### [REQUIRED ACTION]
As the answer, set down the lines below from the one containing "assert (E0 : RiemannInt pr0 = prim01 f s)." through the one containing "intros [Hf Cf] [Hg Cg]. split.", exactly and inclusively, and no others.

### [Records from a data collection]
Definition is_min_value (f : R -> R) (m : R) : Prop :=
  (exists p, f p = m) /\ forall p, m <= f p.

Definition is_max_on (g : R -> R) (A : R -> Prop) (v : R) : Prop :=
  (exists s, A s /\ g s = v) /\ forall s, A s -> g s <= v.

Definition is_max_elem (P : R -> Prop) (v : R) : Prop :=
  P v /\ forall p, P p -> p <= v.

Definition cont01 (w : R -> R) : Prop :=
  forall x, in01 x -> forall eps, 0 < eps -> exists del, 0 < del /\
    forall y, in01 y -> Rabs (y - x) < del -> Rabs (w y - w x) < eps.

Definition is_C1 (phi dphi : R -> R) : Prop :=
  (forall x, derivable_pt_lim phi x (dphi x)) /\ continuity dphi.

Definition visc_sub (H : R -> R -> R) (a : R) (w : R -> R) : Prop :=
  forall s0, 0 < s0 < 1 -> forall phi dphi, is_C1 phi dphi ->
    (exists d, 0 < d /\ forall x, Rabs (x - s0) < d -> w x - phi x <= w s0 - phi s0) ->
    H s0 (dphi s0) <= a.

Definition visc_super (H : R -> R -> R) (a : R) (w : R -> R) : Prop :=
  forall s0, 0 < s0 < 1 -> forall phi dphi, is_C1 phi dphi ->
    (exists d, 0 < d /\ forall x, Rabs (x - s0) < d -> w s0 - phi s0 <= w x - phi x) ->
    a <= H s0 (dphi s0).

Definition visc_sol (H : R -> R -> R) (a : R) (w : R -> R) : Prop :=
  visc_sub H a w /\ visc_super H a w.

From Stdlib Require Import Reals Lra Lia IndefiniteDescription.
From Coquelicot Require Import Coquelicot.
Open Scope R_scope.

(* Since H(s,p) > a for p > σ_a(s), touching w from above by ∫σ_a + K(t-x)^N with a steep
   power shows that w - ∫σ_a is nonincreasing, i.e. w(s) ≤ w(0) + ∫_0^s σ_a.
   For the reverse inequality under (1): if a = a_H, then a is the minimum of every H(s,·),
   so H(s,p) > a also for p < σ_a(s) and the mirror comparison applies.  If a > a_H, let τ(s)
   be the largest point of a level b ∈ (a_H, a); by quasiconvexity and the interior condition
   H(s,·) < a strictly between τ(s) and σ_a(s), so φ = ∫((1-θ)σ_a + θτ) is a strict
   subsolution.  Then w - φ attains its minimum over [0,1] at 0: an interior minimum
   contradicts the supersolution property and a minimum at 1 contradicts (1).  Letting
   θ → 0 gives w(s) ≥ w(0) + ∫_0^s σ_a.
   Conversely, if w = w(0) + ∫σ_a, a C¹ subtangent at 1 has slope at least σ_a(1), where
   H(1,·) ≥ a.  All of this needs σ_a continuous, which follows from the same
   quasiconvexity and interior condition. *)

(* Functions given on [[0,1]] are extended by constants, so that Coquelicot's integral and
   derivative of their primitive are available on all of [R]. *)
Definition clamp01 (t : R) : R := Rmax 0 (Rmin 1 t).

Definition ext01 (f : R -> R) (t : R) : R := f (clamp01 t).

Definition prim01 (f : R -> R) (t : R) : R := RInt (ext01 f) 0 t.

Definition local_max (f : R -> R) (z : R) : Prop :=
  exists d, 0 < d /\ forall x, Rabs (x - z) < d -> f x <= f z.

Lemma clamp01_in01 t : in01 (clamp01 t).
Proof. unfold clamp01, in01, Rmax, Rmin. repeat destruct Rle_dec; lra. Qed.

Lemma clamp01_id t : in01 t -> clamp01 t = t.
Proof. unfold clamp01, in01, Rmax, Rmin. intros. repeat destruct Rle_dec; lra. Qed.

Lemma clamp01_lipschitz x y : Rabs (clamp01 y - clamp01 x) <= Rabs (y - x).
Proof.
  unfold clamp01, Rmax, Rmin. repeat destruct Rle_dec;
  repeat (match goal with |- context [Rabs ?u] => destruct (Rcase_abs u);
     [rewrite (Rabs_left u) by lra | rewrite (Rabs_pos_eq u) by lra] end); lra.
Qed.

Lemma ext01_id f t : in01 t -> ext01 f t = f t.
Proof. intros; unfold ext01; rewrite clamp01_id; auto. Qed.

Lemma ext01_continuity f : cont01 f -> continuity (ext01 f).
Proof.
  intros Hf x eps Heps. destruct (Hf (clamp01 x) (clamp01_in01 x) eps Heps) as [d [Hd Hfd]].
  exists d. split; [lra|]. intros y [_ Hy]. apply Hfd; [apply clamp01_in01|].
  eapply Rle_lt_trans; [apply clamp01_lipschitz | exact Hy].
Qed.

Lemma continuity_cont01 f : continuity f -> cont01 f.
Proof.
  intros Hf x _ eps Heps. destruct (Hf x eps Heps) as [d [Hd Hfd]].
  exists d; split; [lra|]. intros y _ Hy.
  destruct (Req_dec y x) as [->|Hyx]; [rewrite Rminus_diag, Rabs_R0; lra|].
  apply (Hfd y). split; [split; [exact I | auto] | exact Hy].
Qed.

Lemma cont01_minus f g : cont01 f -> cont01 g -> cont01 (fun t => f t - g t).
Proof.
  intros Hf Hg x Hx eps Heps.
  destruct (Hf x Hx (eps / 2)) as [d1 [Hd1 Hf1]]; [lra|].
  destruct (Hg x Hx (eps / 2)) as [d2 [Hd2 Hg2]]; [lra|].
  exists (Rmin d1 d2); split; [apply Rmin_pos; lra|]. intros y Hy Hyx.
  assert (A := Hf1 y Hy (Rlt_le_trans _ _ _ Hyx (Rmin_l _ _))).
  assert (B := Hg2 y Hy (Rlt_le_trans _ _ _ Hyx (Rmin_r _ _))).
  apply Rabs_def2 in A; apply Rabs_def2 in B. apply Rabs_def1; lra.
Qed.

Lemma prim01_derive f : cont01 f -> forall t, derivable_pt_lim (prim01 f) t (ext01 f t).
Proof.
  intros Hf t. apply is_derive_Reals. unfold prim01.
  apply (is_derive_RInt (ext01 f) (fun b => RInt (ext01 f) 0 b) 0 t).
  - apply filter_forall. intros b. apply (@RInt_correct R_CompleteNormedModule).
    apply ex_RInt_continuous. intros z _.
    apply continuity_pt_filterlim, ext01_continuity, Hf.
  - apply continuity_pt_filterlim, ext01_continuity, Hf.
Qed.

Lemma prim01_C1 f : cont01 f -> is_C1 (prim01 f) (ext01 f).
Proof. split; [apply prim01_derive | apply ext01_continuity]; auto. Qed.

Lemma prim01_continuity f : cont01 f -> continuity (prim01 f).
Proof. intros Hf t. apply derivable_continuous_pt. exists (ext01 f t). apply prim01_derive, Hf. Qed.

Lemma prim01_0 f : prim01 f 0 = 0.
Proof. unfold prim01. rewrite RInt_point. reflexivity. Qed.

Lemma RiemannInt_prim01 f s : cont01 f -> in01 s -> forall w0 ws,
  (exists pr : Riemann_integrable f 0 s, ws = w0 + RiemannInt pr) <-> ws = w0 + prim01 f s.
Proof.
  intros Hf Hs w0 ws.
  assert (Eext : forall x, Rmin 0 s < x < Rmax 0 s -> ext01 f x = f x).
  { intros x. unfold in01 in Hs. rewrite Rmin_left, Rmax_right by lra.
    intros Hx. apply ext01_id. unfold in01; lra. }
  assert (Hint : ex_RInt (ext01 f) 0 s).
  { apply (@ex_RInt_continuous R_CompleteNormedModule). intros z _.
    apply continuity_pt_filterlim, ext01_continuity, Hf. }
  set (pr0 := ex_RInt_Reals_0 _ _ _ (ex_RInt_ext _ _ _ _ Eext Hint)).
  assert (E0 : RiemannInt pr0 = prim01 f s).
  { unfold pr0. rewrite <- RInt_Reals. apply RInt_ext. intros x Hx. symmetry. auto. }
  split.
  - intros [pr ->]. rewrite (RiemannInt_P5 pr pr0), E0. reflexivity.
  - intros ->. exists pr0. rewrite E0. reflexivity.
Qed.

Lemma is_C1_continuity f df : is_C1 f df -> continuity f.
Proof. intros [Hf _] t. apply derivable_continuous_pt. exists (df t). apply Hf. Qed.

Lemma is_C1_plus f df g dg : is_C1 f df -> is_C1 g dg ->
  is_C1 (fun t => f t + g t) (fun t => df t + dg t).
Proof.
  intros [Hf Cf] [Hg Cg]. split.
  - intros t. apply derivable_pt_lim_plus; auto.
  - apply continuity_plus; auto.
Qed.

### [SOLUTION BELOW]
  assert (E0 : RiemannInt pr0 = prim01 f s).
  { unfold pr0. rewrite <- RInt_Reals. apply RInt_ext. intros x Hx. symmetry. auto. }
  split.
  - intros [pr ->]. rewrite (RiemannInt_P5 pr pr0), E0. reflexivity.
  - intros ->. exists pr0. rewrite E0. reflexivity.
Qed.

Lemma is_C1_continuity f df : is_C1 f df -> continuity f.
Proof. intros [Hf _] t. apply derivable_continuous_pt. exists (df t). apply Hf. Qed.

Lemma is_C1_plus f df g dg : is_C1 f df -> is_C1 g dg ->
  is_C1 (fun t => f t + g t) (fun t => df t + dg t).
Proof.
  intros [Hf Cf] [Hg Cg]. split.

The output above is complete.